Normal spiral galaxies have exponential disks and logarithmic arms (spirals). They must be interrelated and the relation is suggested to be iso-ratio. Assume that you come off the disk center by such route that the ratio of the star density on your left side to the one on your right side is constant. The route (iso-ratio curve) turns out to be a logarithmic spiral. Such distribution of iso-ratio densities is called a harmonic structure. It can be proved that arms are not harmonic and present (although small) disturbance to the harmonic disks, which explains why elliptical galaxies are clean while spiral galaxies are dusty. Some barred spiral galaxies have elliptical rings (arms). Mathematical study shows that there are very few types of harmonic structures. Most of them are axisymmetric (circularly symmetric). The only non-axisymmetric structure which I can find is the one with elliptical iso-ratio curves. The harmonic structure is handle-shaped while many barred galaxies show a set of symmetric enhancements at the ends of the stellar bar, called ansae or the “handles” of the bar. This suggests that a bar which is the additional harmonic structure to circular disk, consists of several pairs of aligned handles. In far distance from the galaxy center, the bar brightness should not approach the disk one otherwise we could not distinguish between bar and disk in the far distance. It is surprising that my model bar decreases outwards much quicker (cubic-exponential, exp(-r$^3$)) than the exponential disk (exp(-r)). My bar model fits the images of nine galaxies very well. In addition, a similar iso-ratio model fits elliptical galaxies both theoretically and numerically. Because the iso-ratio principle explains and interrelates different observational facts, it must point to some truth.

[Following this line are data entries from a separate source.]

Lemma ae_eventually_sqrt_lik_ratio_le x p : 1 / 2 <= p ->
  (0 < limn_einf (fun n : nat => ((n%:R `^ p)^-1 *
     \sum_(1 <= k < n.+1) (l s (xi k) - l x (xi k)) ^+ 2)%:E))%E ->
  \forall w \near almost_everywhere P,
    \forall n \near \oo, n%:R * sqrt_lik_ratio l xi s x (obs n (dd^~ w)) <= 1.
Proof.
move=> p12 /limn_einf_gt0[e e0 sep].
pose E n := [set w | (1 < n%:R * sqrt_lik_ratio l xi s x (obs n (dd^~ w)))%R].
have E_bound : \forall n \near \oo, (P (E n) <= (720 / (e / 4) ^+ 6 / n%:R ^+ 2)%:E)%E.
  near=> n.
  have n_gt0 : (0 < n)%N by near: n; exists 1%N.
  have sep_n : e / 4 * n%:R `^ p <= \sum_(k < n) (l s (xi k.+1) - l x (xi k.+1)) ^+ 2 / 4.
    have np_gt0 : 0 < n%:R `^ p by rewrite powR_gt0 // ltr0n.
    have : e <= (n%:R `^ p)^-1 * \sum_(1 <= k < n.+1) (l s (xi k) - l x (xi k)) ^+ 2.
      by near: n.
    rewrite big_add1 /= big_mkord -mulr_suml => sep_n.
    by rewrite mulrAC ler_pM2r // -ler_pdivlMr // mulrC.
  apply: le_trans (prob_sqrt_lik_ratio_gt x n) _; rewrite lee_fin.
  apply: le_trans (natr_mul_expRN_powR_le _ p12 n_gt0); last by rewrite divr_gt0.
  rewrite ler_wpM2l //; apply: le_trans (prod_one_sub_le_expR _ _) _.
    move=> k; have /andP[? ?] := l01 s (xi k.+1); have /andP[? ?] := l01 x (xi k.+1).
    rewrite ler_pdivrMr //; nra.
  by rewrite ler_expR lerN2.
have E_meas n : measurable (E n) :=
  measurable_obs_preimage (fun f => 1 < n%:R * sqrt_lik_ratio l xi s x f).
apply: filterS (ae_eventually_notin E_meas E_bound) => w.
by apply: filterS => n /negP; rewrite -leNgt.
Unshelve. all: by end_near.
Qed.
End observations.

Theorem theorem3 (R : realType) (q : nat) (S : set 'rV[R]_q)
  (l : 'rV[R]_q -> 'rV[R]_q -> R) (s : 'rV[R]_q) (xi : nat -> 'rV[R]_q)
  (dT : measure_display) (Omega : measurableType dT) (P : probability Omega R)
  (dd : nat -> Omega -> bool) (M : nat) (c : 'I_M -> 'rV[R]_q)
  (p0 : 'I_M -> R) (j : 'I_M) :
  compact S ->
  continuous (fun z : 'rV[R]_q * 'rV[R]_q => l z.1 z.2) ->
  (forall x y, 0 < l x y < 1) ->
  s \in S ->
  (exists B : R, forall k, `|xi k| <= B) ->
  (forall k, (0 < k)%N -> measurable [set w | dd k w = true]) ->
  indep_bits P dd ->
  (forall k, (0 < k)%N -> P [set w | dd k w = true] = (l s (xi k))%:E) ->
  injective c ->
  (forall i, c i \in S) ->
  (forall i, 0 < p0 i < 1) ->
  \sum_(i < M) p0 i = 1 ->
  c j = s ->
  (forall i, i != j -> exists p : R, 1 / 2 < p /\
     (0 < limn_einf (fun n : nat =>
        ((n%:R `^ p)^-1 *
          \sum_(1 <= k < n.+1) (l s (xi k) - l (c i) (xi k)) ^+ 2)%:E))%E) ->
  {ae P, forall w, (fun k => phat l c p0 xi (fun k => dd k w) k j) @ \oo --> (1 : R)}.
Proof.
move=> _ _ l01 _ _ dd_meas dd_indep dd_law _ _ p0_01 p0_sum cj sep.
have p0_gt0 i : 0 < p0 i by case/andP: (p0_01 i).
have ae_sep : \forall w \near almost_everywhere P, forall i, i != j ->
    \forall n \near \oo, n%:R * sqrt_lik_ratio l xi s (c i) (obs n (dd^~ w)) <= 1.
  apply: filter_forall => i; have [ij|_] := boolP (i != j); last exact: nearW.
  have [p [p_gt sep_i]] := sep i ij.
  apply: filterS (ae_eventually_sqrt_lik_ratio_le l01 dd_meas dd_indep dd_law (ltW p_gt) sep_i).
  by move=> w ev _.
apply: filterS ae_sep => w sep_w.
by apply: phat_cvg1 => //; rewrite cj.
Qed.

\section{ Introduction to Galaxy Patterns }
Galaxies are much larger than the solar system. Light travels from the sun to Earth in eight minutes, and travels from one end of the Galaxy to the other end in some hundred thousand years (light travels 300,000 km in a second). Although unimaginably large, thousands of galaxies are taken of images with telescopes. Galaxies demonstrate exceptionally simple and orderly patterns. This shows that the structure of the universe should be simple too.
Independent galaxies present very regular patterns. They are either three-dimensional ellipticals or planar spirals. Ellipticals are very clean while spirals contain dusts which nurture new stars. The life of stars in spiral galaxies is much younger. Images of spirals taken with near-red light show that every spiral galaxy is mainly a disk with its light density decreasing exponentially outwards along the radial direction from the galaxy center (that is, disk center). Therefore, we call them exponential disks. There are other minor or weak structures in spiral galaxies. However, we have only two types of spiral galaxies: the ones with additional bar structures are called barred spirals while the ones without any apparent bar are called normal spirals. Spiral galaxies gain their name by the fact that they present more or less spiral structures, known as arms. The way the arms bend are understood: the angle at each position between the bending direction and the disk radial direction is constant along the arm. A curve which bends in this way is called logarithmic spiral. Therefore, the arms in normal spiral galaxies are called logarithmic spirals.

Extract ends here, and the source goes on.